Huge trees provided shade for the picturesque campsite. Water from the river had turned the camping area into a lush contrast to the surrounding semi-arid terrain.

Part of the campsite at the Bridgeport State Park

The clean, inviting showers at the park cost two quarters for three minutes of water. We found a fellow camper who made change for us, as we had no American quarters yet, and off we went to have showers, with two quarters each. I knew that three minutes of warm water was not going to go far, so I got myself all soaped up first before reaching around the shower stall to put the money in and start the water. It felt so good to get clean all over. After about 90 seconds, the smile left my face as the water suddenly stopped. I rubbed off most of the wet soap with a towel, thankful that I’d had the sense to rinse the shampoo from my hair first.

Gary was waiting outside for the flip flops we were sharing for showering. I told him about being short-changed on the water, just to give him a heads up for his own shower. He was smarter than I’d been. He put in one quarter and got about 90 seconds of water. Then he put the second quarter in and got the rest of his three minutes’ worth.

The campsite was a great place to spend the night. We felt safe and were entertained by the squirrels, bluejays, and quail. Even a few bats flew by, eating the insects that might have pestered us that night.

At first light the next morning, we stood outside the trailer and I pointed to a place where an owl had flown into the thick foliage of a nearby tree. Seconds later, the bird came out and glided right over our heads. It was a barn owl, beautiful with its white face and light underside.

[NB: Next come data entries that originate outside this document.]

Lemma is_lim_seq_sumR_IE p : (1 <= p)%nat ->
  is_lim_seq (sumR (IE p))
    (INR (fact p) * zetaR (S p)
     - sum_f_R0 (fun j => INR (fact p) / INR (fact j) * ln 2 ^ j * Li (S p - j) (1 / 2)) p).
Proof.
  intros Hp.
  apply (is_lim_seq_ext (fun N => INR (fact p) * sumR (fun k => 1 / INR k ^ S p) N -
      sum_f_R0 (fun j => INR (fact p) / INR (fact j) * ln 2 ^ j
                         * sumR (fun k => (1 / 2) ^ k / INR k ^ (S p - j)) N) p)).
  - intros N. rewrite (sumR_ext (IE p) (IE_closed_form p)) by (intros; apply IE_closed; lia).
    unfold IE_closed_form. rewrite sumR_minus, <- sumR_scal_l. f_equal.
    + apply sumR_ext. intros; unfold Rdiv; ring.
    + rewrite (sum_eq _ (fun j => sumR (fun k => INR (fact p) / INR (fact j) * ln 2 ^ j
                                                 * ((1 / 2) ^ k / INR k ^ (S p - j))) N))
        by (intros; rewrite sumR_scal_l; reflexivity).
      rewrite sum_f_R0_sumR_swap. apply sumR_ext. intros k _.
      rewrite exp_opp_INR_ln2, scal_sum. apply sum_eq. intros. unfold Rdiv. ring.
  - apply is_lim_seq_minus'.
    + apply (is_lim_seq_scal_l _ _ (Finite _)). apply is_lim_seq_zeta. lia.
    + apply is_lim_seq_sum_f_R0. intros r Hr.
      apply (is_lim_seq_scal_l _ _ (Finite _)). apply is_lim_seq_Li_half. lia.
Qed.

Lemma is_derive_sumR (f : nat -> R -> R) (df : nat -> R) N x :
  (forall n, (1 <= n <= N)%nat -> is_derive (f n) x (df n)) ->
  is_derive (fun s => sumR (fun n => f n s) N) x (sumR df N).
Proof.
  induction N as [|N IHN]; intros Hf; simpl.
  - apply (is_derive_const (K := R_AbsRing) (V := R_NormedModule)).
  - apply (is_derive_plus (K := R_AbsRing) (V := R_NormedModule));
      [apply IHN; intros | ]; apply Hf; lia.
Qed.

Lemma ex_derive_sumR (f : nat -> R -> R) N x :
  (forall n, (1 <= n <= N)%nat -> ex_derive (f n) x) ->
  ex_derive (fun s => sumR (fun n => f n s) N) x.
Proof.
  intros Hf. exists (sumR (fun n => Derive (f n) x) N). apply is_derive_sumR.
  intros n Hn. apply Derive_correct, Hf, Hn.
Qed.

Lemma continuous_of_ex_derive (f : R -> R) x : ex_derive f x -> continuous f x.
Proof. apply (ex_derive_continuous (K := R_AbsRing) (V := R_NormedModule)). Qed.

Definition Gsum (N : nat) (s : R) : R := sumR (fun n => / INR n ^ 2 * (W s ^ n - 1)) N.
Definition Psum (N : nat) (s : R) : R := sumR (fun n => W s ^ (n - 1) / INR n) N.

Lemma is_derive_Gsum N x : is_derive (Gsum N) x (- exp x * Psum N x).
Proof.
  unfold Gsum, Psum. rewrite <- sumR_scal_l. apply is_derive_sumR.
  intros [|k] Hk; [lia |].
  unfold W. auto_derive; auto. fold_INR. simpl pow. rewrite ?Nat.sub_0_r.
  field. apply not_0_INR; lia.
Qed.

Lemma ex_derive_Gsum N x : ex_derive (Gsum N) x.
Proof. eexists; apply is_derive_Gsum. Qed.

Lemma ex_derive_Psum N x : ex_derive (Psum N) x.
Proof. apply ex_derive_sumR. intros n Hn. unfold W. auto_derive. auto. Qed.

Lemma Gsum_ln2 N : Gsum N (ln 2) = alt_sq_sum N.
Proof. unfold Gsum, alt_sq_sum. rewrite W_ln2. reflexivity. Qed.

Lemma is_RInt_pow_Gsum m N :
  is_RInt (fun s => s ^ m * Gsum N s) 0 (ln 2) (sumR (fun n => / INR n ^ 2 * (IW m n - IW m 0)) N).
Proof.
  assert (Hl := ln2_ge0).
  induction N as [|N IHN]; simpl sumR.
  - assert (H0 := is_RInt_scal_R _ _ _ 0 _ (IW_correct m 0)). rewrite Rmult_0_l in H0.
    refine (is_RInt_ext_le _ _ _ _ _ Hl _ H0).
    intros x _. unfold Gsum; simpl; ring.
  - refine (is_RInt_ext_le _ _ _ _ _ Hl _ (is_RInt_plus_R _ _ _ _ _ _ IHN
      (is_RInt_scal_R _ _ _ (/ INR (S N) ^ 2) _
        (is_RInt_minus_R _ _ _ _ _ _ (IW_correct m (S N)) (IW_correct m 0))))).
    intros x _. unfold Gsum. cbn [sumR]. rewrite pow_O. ring.
Qed.

Lemma is_RInt_pow_exp_Psum m N :
  is_RInt (fun s => s ^ S m * exp s * Psum N s) 0 (ln 2)
    (INR (S m) * RInt (fun s => s ^ m * Gsum N s) 0 (ln 2) - ln 2 ^ S m * alt_sq_sum N).
Proof.
  assert (Hl := ln2_ge0).
  set (F x := INR (S m) * (x ^ m * Gsum N x) - x ^ S m * exp x * Psum N x).
  assert (Hd : forall x, 0 <= x <= ln 2 -> is_derive (fun s => s ^ S m * Gsum N s) x (F x)).
  { intros x _.
    assert (Hp : is_derive (fun s => s ^ S m) x (INR (S m) * x ^ m))
      by (auto_derive; auto; fold_INR; simpl pred; ring).
    assert (H := is_derive_mult _ _ x _ _ Hp (is_derive_Gsum N x) ltac:(intros; apply Rmult_comm)).
    replace (F x) with (INR (S m) * x ^ m * Gsum N x + x ^ S m * (- exp x * Psum N x))
      by (unfold F; ring).
    exact H. }
  assert (Hc : forall x, 0 <= x <= ln 2 -> continuous F x).
  { intros x _. apply continuous_of_ex_derive. unfold F. auto_derive.
    repeat split; auto using ex_derive_Gsum, ex_derive_Psum. }
  assert (HG : is_RInt (fun s => s ^ m * Gsum N s) 0 (ln 2)
                       (RInt (fun s => s ^ m * Gsum N s) 0 (ln 2))).
  { apply is_RInt_RInt_continuous_le; [exact Hl |]. intros x _.
    apply continuous_of_ex_derive. auto_derive. repeat split; auto using ex_derive_Gsum. }
  assert (HI := is_RInt_minus_R _ _ _ _ _ _ (is_RInt_scal_R _ _ _ (INR (S m)) _ HG)
                  (is_RInt_derive_le _ _ 0 (ln 2) Hl Hd Hc)).
  cbv beta in HI. rewrite Gsum_ln2, (pow_i (S m)), Rmult_0_l, Rminus_0_r in HI by lia.
  refine (is_RInt_ext_le _ _ _ _ _ Hl _ HI). intros x _. unfold F. ring.
Qed.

We were happy to have found this perfect camping place, and next time I’ll be smarter about the showers.

Along the way

What is it? Please let me know if you have any idea what it is called.

Click on photos to enlarge them.

On a road trip, I saw this plant that had gone to seed. I have no idea what it is but I would like to know.

No, it’s not an ookpik.

The arid countryside looks almost dead at first, but there are many interesting plants in the semi-desert terrain of eastern B. C. and eastern Washington. It was hard to stop taking pictures.

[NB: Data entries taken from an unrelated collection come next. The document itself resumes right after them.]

(* Let $n>0$ and $c>0$ be constants and fix $x_0$ with $0<x_0<c$. Let $f\in C(\mathbb{R}_0^+\times\mathbb{R}_0^+,\mathbb{R}_0^+)$ be nondecreasing in its first variable for each fixed second variable, let $w\in C(\mathbb{R}_0^+,\mathbb{R}_0^+)$ be nondecreasing with $w(x)>0$ for $x>0$, and let $\alpha\in C^1(\mathbb{R}_0^+,\mathbb{R}_0^+)$ be nondecreasing with $\alpha(t)\le t$. If $u\in C(\mathbb{R}_0^+,\mathbb{R}_0^+)$ satisfies $$u^n(t)\le c+\int_0^{\alpha(t)}f(t,s)\,(u^n(s)+1)\ln(u^n(s)+1)\,w(u(s))\,ds\qquad\text{for all }t\ge0,$$ then there exists $\tau>0$ such that for all $t\in[0,\tau]$, $$\Psi(G(c))+\int_0^{\alpha(t)}f(t,s)\,ds\in\mathrm{Dom}(\Psi^{-1})$$ and $$u(t)\le\Big\{G^{-1}\Big(\Psi^{-1}\Big[\Psi(G(c))+\int_0^{\alpha(t)}f(t,s)\,ds\Big]\Big)\Big\}^{1/n},$$ where $G(x)=\int_{x_0}^x\frac{ds}{(s+1)\ln(s+1)}$ for $x\ge x_0$, whose inverse is $G^{-1}(y)=e^{e^{y}\ln(x_0+1)}-1$, and $\Psi(x)=\int_1^x\frac{ds}{w\big((e^{e^{s}\ln(x_0+1)}-1)^{1/n}\big)}$ for $x>0$.
   Context: $\mathbb{R}_0^+=[0,\infty)$. $\Psi$ is strictly increasing on $(0,\infty)$, $\Psi^{-1}$ denotes its inverse, and $\mathrm{Dom}(\Psi^{-1})=\Psi((0,\infty))$. *)

From Stdlib Require Import Reals Lra ClassicalEpsilon.
Open Scope R_scope.

(* Total Riemann integral: the value of RiemannInt for any integrability proof
   (all such proofs give the same value, RiemannInt_P5).  Only ever applied to
   integrands continuous on the integration interval, which are integrable. *)
Definition Rint (g : R -> R) (a b : R) : R :=
  epsilon (inhabits 0) (fun I => exists pr : Riemann_integrable g a b, RiemannInt pr = I).

Definition rpow (x a : R) : R :=
  if Rlt_dec 0 x then Rpower x a else 0.

Definition cont_nonneg (g : R -> R) : Prop :=
  forall x, 0 <= x -> forall eps, 0 < eps -> exists delta, 0 < delta /\
    forall y, 0 <= y -> Rabs (y - x) < delta -> Rabs (g y - g x) < eps.

Definition cont2_nonneg (f : R -> R -> R) : Prop :=
  forall x y, 0 <= x -> 0 <= y -> forall eps, 0 < eps -> exists delta, 0 < delta /\
    forall x' y', 0 <= x' -> 0 <= y' -> Rabs (x' - x) < delta -> Rabs (y' - y) < delta ->
      Rabs (f x' y' - f x y) < eps.

Definition C1_nonneg (g : R -> R) : Prop :=
  exists g' : R -> R, cont_nonneg g' /\
    forall t, 0 <= t -> forall eps, 0 < eps -> exists delta, 0 < delta /\
      forall h, h <> 0 -> 0 <= t + h -> Rabs h < delta ->
        Rabs ((g (t + h) - g t) / h - g' t) < eps.

Definition nondecr_nonneg (g : R -> R) : Prop :=
  forall x y, 0 <= x -> x <= y -> g x <= g y.

Definition G (x0 x : R) : R := Rint (fun s => 1 / ((s + 1) * ln (s + 1))) x0 x.

Definition Ginv (x0 y : R) : R := exp (exp y * ln (x0 + 1)) - 1.

Definition Psi (x0 n : R) (w : R -> R) (x : R) : R :=
  Rint (fun s => 1 / w (rpow (Ginv x0 s) (1 / n))) 1 x.

Definition Psi_inv (x0 n : R) (w : R -> R) (y : R) : R :=
  epsilon (inhabits 0) (fun x => 0 < x /\ Psi x0 n w x = y).

Definition in_Dom_Psi_inv (x0 n : R) (w : R -> R) (y : R) : Prop :=
  exists x, 0 < x /\ Psi x0 n w x = y.

(* Fix a time T and put k_T(s) = f(T,s) H(u(s)^n), where
   H(x) = (x+1) ln(x+1) w(x^{1/n}), and v(r) = c + int_0^r k_T.  Because f is
   nondecreasing in its first variable and alpha(s) <= s, the hypothesis gives
   u(s)^n <= v(s) on [0, alpha T] and u(T)^n <= v(alpha T).  The function
   Omega = Psi o G has derivative 1/H, so the classical Bihari comparison
   (a mean value argument on r |-> Omega(v r) - int_0^r f(T,.)) yields
   Omega(v(alpha T)) <= Psi(G c) + int_0^{alpha T} f(T,s) ds.  Inverting the
   strictly increasing maps Psi and G then bounds u(T).  Finally, for T small
   the right-hand side lies between Psi(G c) and Psi(G c + 1), so it belongs to
   the range of Psi (intermediate value theorem): this fixes tau. *)

From Stdlib Require Import Reals Lra ClassicalEpsilon.
Open Scope R_scope.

At Chief Joseph Dam on the Columbia River, the area near the river is lush as long as there is irrigation. Where the water doesn’t go, the land is almost like desert. And yet, notice the vineyards on the slopes?

Wine, anyone?

Another beautiful semi-desert plant without a name. If you know what it is, please leave a comment and let me know.

Do I have a name?

I’m on the road and finding it hard to post much, but will try to catch up when I’m back home. Meanwhile, you can have a break from my writing and look at the scenery I saw on my way to Montana and back.